Type habitat and locality
Collected from soil samples of fallow fields from district Cachar, Assam, India.
Type specimens
Holotype female on slide Oscheius indicus n. sp. /1, and 10 paratype females and 10 paratype males on slides Oscheius indicus n. sp. /2 to 10 are deposited in the nematode collection of Department of Zoology, Aligarh Muslim University, Aligarh, India and 4 paratypes females and 4 paratype males slides of Oscheius indicus n. sp. /11 to 14 are deposited in the National Nematode Collection of India housed at the Division of Nematology, ICAR – Indian Agriculture Research Institute, New Delhi, India.
Discussion
The genus Oscheius has a large number of species which are morphologically very close to each other. Sudhaus (2011) divided the species into two groups – dolichura group and insectivora group. Species under dolichura group are represented by species with slender body, peloderan bursa, inconspicuous posterior phasmids and spicules with straight tip (without a distal hook), whereas species under insectivora group are characterized by large and wide body with 4 to 6 incisures each in the lateral fields with 3 to 5 ridges, pseudopeloderan/leptoderan bursa, phasmids posterior to the last genital papillae and crochet-needlelike spicules (with a distal hook). Variations have been observed in the arrangement of papillae within the same species. In some specimen of O. indicus, GP1, GP2, and GP3 are evenly spaced, while other show an uneven distribution with GP1 which is spaced at greater distance as compared to GP2. We compared it to other species that shows similarity with respect to the distribution of the papillae. O. carolinensis have evenly distributed pre-cloacal papillae while O. chongmingensis, O. colombiana, and O. nadarajani have unequal arrangements with GP1 more spaced than GP2 and GP3. Presence of three minute warts in O. indicus n. sp makes it different from O. chongmingensis (3/5 warts), O. shamimi (2 warts), and many species that have varying numbers of warts.

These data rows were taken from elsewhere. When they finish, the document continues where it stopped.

(* Let $X,Y$ be proper geodesic metric spaces and let $f:X\to Y$ be a stable embedding. Then the induced map $\partial f:\partial_MX\to\partial_MY$ on Morse boundaries is a homeomorphism onto its image. Moreover, if $f$ is the orbit map $g\mapsto g\cdot y_0$ of a finitely generated group $G$ (with a word metric) acting by isometries on $Y$, then $\partial f$ is $G$-equivariant.
   Context: A Morse gauge is a function $N:\mathbb{R}_{\geq 1}\times\mathbb{R}_{\geq 0}\to\mathbb{R}_{\geq 0}$; a (quasi)geodesic is $N$-Morse if every $(K,C)$-quasigeodesic with endpoints on it lies in its $N(K,C)$-neighborhood. A quasi-isometric embedding $f:X\to Y$ is a stable embedding if there is a Morse gauge $N$ such that any two points of $f(X)$ are joined by an $N$-Morse geodesic in $Y$. For a basepoint $e$, $X^{(N)}_e$ is the set of points $y$ with an $N$-Morse geodesic $[e,y]$, $\partial X^{(N)}_e$ its sequential Gromov boundary, and the Morse boundary $\partial_MX_e=\bigcup_N\partial X^{(N)}_e$ carries the direct limit topology over Morse gauges ordered pointwise (for proper spaces the basepoint only changes it by a natural homeomorphism). The induced map $\partial f$ sends the class of a sequence $(x_n)\subset X^{(N)}_e$ converging at infinity to the class of $(f(x_n))$. *)

From Stdlib Require Import Reals List.
Open Scope R_scope.

Record MetricSpace := {
  pt :> Type;
  dist : pt -> pt -> R;
  dist_refl : forall x, dist x x = 0;
  dist_sep : forall x y, dist x y = 0 -> x = y;
  dist_sym : forall x y, dist x y = dist y x;
  dist_tri : forall x y z, dist x z <= dist x y + dist y z }.
Arguments dist {m} _ _.

Definition seq_conv {X : MetricSpace} (u : nat -> X) (l : X) : Prop :=
  forall eps, 0 < eps -> exists n0, forall n, (n0 <= n)%nat -> dist (u n) l < eps.

(* proper: closed balls are compact (= sequentially compact in a metric space) *)
Definition proper (X : MetricSpace) : Prop :=
  forall (x : X) (r : R) (u : nat -> X), (forall n, dist x (u n) <= r) ->
    exists (phi : nat -> nat) (l : X),
      (forall n, (phi n < phi (S n))%nat) /\ seq_conv (fun n => u (phi n)) l.

Definition is_geodesic {X : MetricSpace} (g : R -> X) (L : R) : Prop :=
  0 <= L /\ forall s t, 0 <= s <= L -> 0 <= t <= L -> dist (g s) (g t) = Rabs (s - t).

Definition geodesic_from_to {X : MetricSpace} (g : R -> X) (x y : X) : Prop :=
  is_geodesic g (dist x y) /\ g 0 = x /\ g (dist x y) = y.

Definition geodesic_space (X : MetricSpace) : Prop :=
  forall x y : X, exists g : R -> X, geodesic_from_to g x y.

Definition is_quasigeodesic {X : MetricSpace} (K C : R) (s : R -> X) (a b : R) : Prop :=
  a <= b /\ forall t t', a <= t <= b -> a <= t' <= b ->
    Rabs (t - t') / K - C <= dist (s t) (s t') <= K * Rabs (t - t') + C.

Definition MorseGauge := R -> R -> R.
Definition is_gauge (N : MorseGauge) : Prop :=
  forall K C, 1 <= K -> 0 <= C -> 0 <= N K C.

Definition on_image {X : MetricSpace} (g : R -> X) (L : R) (p : X) : Prop :=
  exists u, 0 <= u <= L /\ p = g u.

Definition is_morse {X : MetricSpace} (N : MorseGauge) (g : R -> X) (L : R) : Prop :=
  forall (K C : R) (s : R -> X) (a b : R), 1 <= K -> 0 <= C ->
    is_quasigeodesic K C s a b -> on_image g L (s a) -> on_image g L (s b) ->
    forall t, a <= t <= b -> exists u, 0 <= u <= L /\ dist (s t) (g u) <= N K C.

Definition morse_stratum_pt {X : MetricSpace} (N : MorseGauge) (e y : X) : Prop :=
  exists g : R -> X, geodesic_from_to g e y /\ is_morse N g (dist e y).

Definition qi_embedding {X Y : MetricSpace} (f : X -> Y) : Prop :=
  exists K C, 1 <= K /\ 0 <= C /\ forall x x' : X,
    dist x x' / K - C <= dist (f x) (f x') <= K * dist x x' + C.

The phylogenetic analysis using ITS and 28S D2/D3 expansion region sequences revealed the phylogenetic position of the proposed new nematode species in the insectivora group. The molecular finding is further supported by the morphological characters like the presence of leptoderan bursa and crochet needle-shaped (with a distal hook) spicules. Therefore, based on ITS and 28S D2/D3 molecular marker sequences as well as morphological characteristics which are distinctly different from those of the closely related species, the present species is being reported as a new species under insectivora group.